An album that is based on the old Scandinavian myths and tales, it has to be said that the band's roots remain there for all to see and ironically it's during these slower doomier moments that 'Wolf's Return' comes close to falling flat on its arse, epitomised by the slug slow 'Hamnd' (that's Swede for vengeance to you guv). With the possible exception of the bluesy stomp of 'Ashes' you get the feeling that the album has been kept too tight on its leash though Janne 'JB' Christoffersson vocals are pure Metal, being remarkably Halfordesque at times.

Yet it is on the very odd occasion when the momentum picks up that things start to get real interesting. Opener 'Kingslayer' kicks off the album as if Hel herself has a yearning for its dick and must have been like a poke in the eye with a blunt fork to the doomers when they first heard it and the jittery, drum driven chug of 'Repay In Kind' must have been like a bolt of lightning to the bollocks.

The title track is a mid paced wrecking ball of a song, as is 'Blood Oath' and 'Ashes' chugs along even daring to throw in a mandolin (or lute) to give the song that bit of extra depth. The medieval strum of 'Jarnbord', track six, shows up slap bang in the middle of the album as if to signal some sort of turning point but I cannot figure out what that turning point would actually be.

There is a peppering of short instrumental tracks, ranging from folk to super heavy dirge and with none of the tracks lasting more than five and a half minutes, the doomers were on a losing wicket when this emerged.

'Wolf's Return' signalled the point where Grand Magus decided to spread its wings a bit and sample the delights of Metal's broader church. It is bitty, hesitant even, like a child dipping his finger in the sugar bowl for the first time and though the kid knows he'll get bollocked if caught, the rewards are oh so good.

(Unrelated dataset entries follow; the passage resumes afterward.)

(* Write A and B for the parts of a set C on which a rule decides 1 and 0.
   Since P_th(C) = P_th(A) + P_th(B), the expert inequality for th1 < th0 and C
   is equivalent to P_th0(A) P_th1(B) <= P_th1(A) P_th0(B).  If A lies to the
   left of a point s of I and B to its right, the strict MLR property with
   c = p_th0(s) / p_th1(s) gives p_th0 < c p_th1 on A and p_th0 >= c p_th1 on B;
   integrating yields the inequality, strictly when A and B are not null.
   Hence every threshold rule f_t is an expert, and so is every rule equal to
   one a.e.  Conversely, if phi is an expert then for every s one of the sets
   {phi = 0} /\ ]-oo, s[ and {phi = 1} /\ ]s, +oo[ is null (take C to be their
   union).  Let t be the supremum of the s for which the first one is null: the
   points where phi and f_t differ are covered by such null sets at rational
   cuts s, together with the single point t. *)

Lemma ler_ratio_sum (F : realFieldType) (a0 b0 a1 b1 : F) :
  0 < a0 + b0 -> 0 < a1 + b1 ->
  (a0 / (a0 + b0) <= a1 / (a1 + b1)) = (a0 * b1 <= a1 * b0).
Proof.
move=> s0 s1; rewrite ler_pdivrMr // mulrAC ler_pdivlMr //.
by rewrite !mulrDr [a0 * a1]mulrC lerD2l.
Qed.

Lemma measurable_setI_bool d (T : measurableType d) (D : set T) (f : T -> bool) :
  measurable D -> measurable_fun D f -> measurable (D `&` [set x | f x]).
Proof. by move=> mD mf; exact: mf. Qed.

Lemma setUI_pred T (A B : set T) (f : T -> bool) :
  A `<=` [set x | ~~ f x] -> B `<=` [set x | f x] -> (A `|` B) `&` [set x | f x] = B.
Proof.
move=> Af Bf; apply/seteqP; split => [x [[/Af/negP//|//]]|x Bx].
by split; [right | exact: Bf].
Qed.

Lemma negligible_bigcup_countType d (T : measurableType d) (R : realType)
    (mu : {measure set T -> \bar R}) (K : countType) (F : K -> set T) :
  (forall k, mu.-negligible (F k)) -> mu.-negligible (\bigcup_k F k).
Proof.
move=> negF; pose G n := oapp F set0 (unpickle n).
apply: (@negligibleS _ _ _ _ (\bigcup_n G n)).
  by move=> x [k _ Fkx]; exists (pickle k) => //; rewrite /G pickleK.
apply: negligible_bigcup => n; rewrite /G; case: unpickle => [k|] /=.
  exact: negF.
exact: negligible_set0.
Qed.

Section integral_positivity.
Context d (T : measurableType d) (R : realType) (mu : {measure set T -> \bar R}).
Local Open Scope ereal_scope.

Lemma integral_gt0 (D : set T) (f : T -> R) : measurable D ->
  measurable_fun D f -> (forall x, D x -> (0 < f x)%R) -> 0 < mu D ->
  0 < \int[mu]_(x in D) (f x)%:E.
Proof.
move=> mD mf f_gt0 muD.
have f_ge0 x : D x -> 0 <= (f x)%:E by move=> Dx; rewrite lee_fin ltW ?f_gt0.
rewrite lt0e integral_ge0 // andbT; apply/eqP => int0.
have : \int[mu]_(x in D) `|(f x)%:E| = 0.
  by rewrite -int0; apply: eq_integral => x /set_mem Dx; rewrite gee0_abs ?f_ge0.
move/(ae_eq_integral_abs mu mD ((measurable_EFinP _ _).2 mf)) => [N [mN N0 DN]].
suff DN' : D `<=` N.
  by move: muD; rewrite (subset_measure0 _ _ _ N0) // ltxx.
move=> x Dx; apply: DN => /= /(_ Dx) [fx0].
by have := f_gt0 x Dx; rewrite fx0 ltxx.
Qed.

Lemma integral_lt (D : set T) (f g : T -> R) : measurable D ->
  measurable_fun D f -> measurable_fun D g ->
  (forall x, D x -> (0 <= f x < g x)%R) ->
  \int[mu]_(x in D) (f x)%:E \is a fin_num -> 0 < mu D ->
  \int[mu]_(x in D) (f x)%:E < \int[mu]_(x in D) (g x)%:E.
Proof.
move=> mD mf mg fg fin muD.
have -> : \int[mu]_(x in D) (g x)%:E =
    \int[mu]_(x in D) ((f x)%:E + (g x - f x)%:E).
  by apply: eq_integral => x _; rewrite -EFinD addrC subrK.
rewrite ge0_integralD //; first last.
- exact/measurable_EFinP/measurable_funB.
- by move=> x /fg /andP[_ lt]; rewrite lee_fin subr_ge0 ltW.
- exact/measurable_EFinP.
- by move=> x /fg /andP[f0 _]; rewrite lee_fin.
rewrite lteDl // integral_gt0 //; first exact: measurable_funB.
by move=> x /fg /andP[_ lt]; rewrite subr_gt0.
Qed.

End integral_positivity.

Section threshold.
Context (R : realType).
Local Notation mu := (@lebesgue_measure R).

Lemma ereal_rat_between (t : \bar R) (x : R) : (t < x%:E)%E ->
  exists2 q : rat, (t < (ratr q)%:E)%E & ratr q < x.
Proof.
case: t => [r | | _] //.
  rewrite lte_fin => /rat_in_itvoo[q]; rewrite in_itv /= => /andP[rq qx].
  by exists q; rewrite ?lte_fin.
have /rat_in_itvoo[q] : x - 1 < x by rewrite ltrBlDr ltrDl.
by rewrite in_itv /= => /andP[_ qx]; exists q; rewrite ?ltNyr.
Qed.
(* Let $\mathcal{D}$ be a domain, $G$ a subgroup of $\mathrm{IET}(\mathcal{D})$, $(A,+)$ a finite abelian group, and $J\subset\mathcal{D}$ a subdomain. Let $\mathcal{F}=A^{\mathcal{D}}$ be the additive group of all functions $\mathcal{D}\to A$, on which $G$ acts by $g\cdot f=f\circ g^{-1}$. For $a\in A$ let $a\mathbb{1}_J\in\mathcal{F}$ be the function equal to $a$ on $J$ and $0$ elsewhere, and let $\mathcal{F}_J$ be the smallest $G$-invariant subgroup of $\mathcal{F}$ containing all $a\mathbb{1}_J$, $a\in A$. Then the semidirect product $\mathcal{F}_J\rtimes G$ embeds in $\mathrm{IET}$.
   Context: A domain is a non-empty disjoint union of finitely many oriented circles and oriented half-open bounded intervals closed on the left; a subdomain is a subset that is itself a domain. $\mathrm{IET}(\mathcal{D})$ is the group of bijections of $\mathcal{D}$ that are orientation-preserving piecewise isometries, left-continuous, with finitely many discontinuity points; $\mathrm{IET}=\mathrm{IET}([0,1))$. *)

From Stdlib Require Import Reals List.
From mathcomp Require Import all_boot all_algebra.
Set Implicit Arguments. Unset Strict Implicit. Unset Printing Implicit Defensive.
Import GRing.Theory.
Local Open Scope R_scope.

(* A domain: a nonempty finite list of components; each component is
   (is_circle, length L) with L > 0. A point of component i has coordinate
   x in [0, L); for a circle, the coordinate is the arc-length position
   measured from a base point in the positive orientation. *)
Record domain := Domain {
  dcomps : seq (bool * R);
  dcomps_nonempty : dcomps <> [::];
  dcomps_pos : forall c, List.In c dcomps -> 0 < c.2 }.

Definition comp_len (D : domain) (i : nat) : R := (nth (false, R0) (dcomps D) i).2.

Definition in_dom (D : domain) (p : nat * R) : Prop :=
  (p.1 < size (dcomps D))%N /\ (0 <= p.2 < comp_len D p.1).

Definition point (D : domain) := {p : nat * R | in_dom D p}.

Definition pcomp (D : domain) (p : point D) : nat := (proj1_sig p).1.
Definition pcoord (D : domain) (p : point D) : R := (proj1_sig p).2.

So a transitional album then, and one that wears its yearning for change, as well as its roots, on its sleeve. What 'Wolf's Return' did was exorcise any doubts ready for the next album and what an album that would turn out to be...

If 'Wolf's Return' was like a poke in the eye with a blunt fork for the doomers, 2008s 'Iron Will' must have been like the final, merciful bullet to the head. With 'Iron Will' the band had pretty much left the doom thing way behind and grasped the full on Metal nettle with both hands.

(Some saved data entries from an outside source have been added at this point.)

(* Let $\Sigma$ be a first-order language and let $\mathcal{T}_{\Sigma,\infty}$ be the family of all complete theories in $\Sigma$ having infinite models. If $\Sigma$ is finite and contains no predicate symbols of arity $m\ge 2$ and no function symbols of arity $n\ge 1$, then ${\rm RS}(\mathcal{T}_{\Sigma,\infty})$ is finite (a natural number); otherwise ${\rm RS}(\mathcal{T}_{\Sigma,\infty})=\infty$.
   Context: Theories are complete consistent first-order theories; structures have nonempty universes. Function symbols (constants being $0$-ary function symbols) are treated via their graphs: each $n$-ary function symbol $f$ is replaced by an $(n+1)$-ary predicate $R_f=\{(\bar a,b)\mid f(\bar a)=b\}$, and sentences are those of the resulting relational language. For a family $\mathcal{T}$ of theories and a sentence $\varphi$ of its language, $\mathcal{T}_\varphi=\{T\in\mathcal{T}\mid\varphi\in T\}$. The rank ${\rm RS}$ of a family is defined as follows: ${\rm RS}(\emptyset)=-1$; ${\rm RS}(\mathcal{T})=0$ for finite nonempty $\mathcal{T}$; ${\rm RS}(\mathcal{T})\ge 1$ for infinite $\mathcal{T}$; for $\alpha=\beta+1$, ${\rm RS}(\mathcal{T})\ge\alpha$ iff there are pairwise inconsistent sentences $\varphi_k$, $k\in\omega$, of the language of $\mathcal{T}$ with ${\rm RS}(\mathcal{T}_{\varphi_k})\ge\beta$ for all $k$; for limit $\alpha$, ${\rm RS}(\mathcal{T})\ge\alpha$ iff ${\rm RS}(\mathcal{T})\ge\beta$ for all $\beta<\alpha$; ${\rm RS}(\mathcal{T})=\alpha$ iff ${\rm RS}(\mathcal{T})\ge\alpha$ and not ${\rm RS}(\mathcal{T})\ge\alpha+1$; ${\rm RS}(\mathcal{T})=\infty$ if ${\rm RS}(\mathcal{T})\ge\alpha$ for every ordinal $\alpha$. *)

(* First-order logic over a signature Sigma,
   with function symbols replaced by their graphs, as in the paper. *)
From mathcomp Require Import all_boot.
From Stdlib Require List.

Set Implicit Arguments.
Unset Strict Implicit.
Unset Printing Implicit Defensive.

Record signature := Signature {
  psym : Type;
  parity : psym -> nat;
  fsym : Type;
  farity : fsym -> nat }.

(* Relational language: predicate symbols and graphs R_f of function symbols *)
Definition rsym (S : signature) : Type := (psym S + fsym S)%type.
Definition rarity (S : signature) (r : rsym S) : nat :=
  match r with inl p => parity p | inr f => (farity f).+1 end.

Definition finite_type (X : Type) : Prop :=
  exists l : seq X, forall x : X, List.In x l.

Definition finite_signature (S : signature) : Prop :=
  finite_type (psym S) /\ finite_type (fsym S).

(* ---------- Formulas of the relational language (with equality) ----------
   Variables are de Bruijn indices; FEx binds index 0. *)
Inductive formula (S : signature) : Type :=
| FRel (r : rsym S) (args : 'I_(rarity r) -> nat)
| FEq (i j : nat)
| FNot (f : formula S)
| FAnd (f g : formula S)
| FEx (f : formula S).

Fixpoint closed_below (S : signature) (k : nat) (f : formula S) : bool :=
  match f with
  | FRel r args => [forall i, args i < k]
  | FEq i j => (i < k) && (j < k)
  | FNot g => closed_below k g
  | FAnd g h => closed_below k g && closed_below k h
  | FEx g => closed_below k.+1 g
  end.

By no means original, this sort of Metal is more about how it's done rather than what it does. On 'Iron Will', Grand Magus not only keep it simple, they keep it simple with style. Whilst giving their doom past just a smidge of room the Metal here is of the more traditional sort. It's not as polished as say the Germans, nor as catchy, but it still possesses the grunt to drive a fleet of long ships to foreign shores; loud enough to not only bother the neighbours, it'll bother the whole damn neighbourhood.

The album's killer tracks have to be the title track, 'Fear Is the Key', 'Like The Oar Strikes The Water' and 'The Shadow Knows'. Great slabs of Priest informed Metal that has been forged in the great halls of Valhalla. There's a hidden, rather redundant track at the end which could've made way for another proper tune but hey, y'all can't have everything.

Neither of these re-releases would have won the Nobel prize for innovation in Metal and they definitely were not likely to get a mention in the N.M.E. at any time but for straight down yer throat, honest to goodness Viking Heavy Metal, these two albums are difficult to beat.

As far as I can see neither of these rereleases have been tampered with. No add ons, no added value of any kind. Just wysiwyg reissues without even a particularly excited fanfare of any kind which is quite fitting in view of the music on offer here.

I fully commend these two reissues to you all and as you lend each your ear may your ships never sink and yer flagons never empty. Wassail!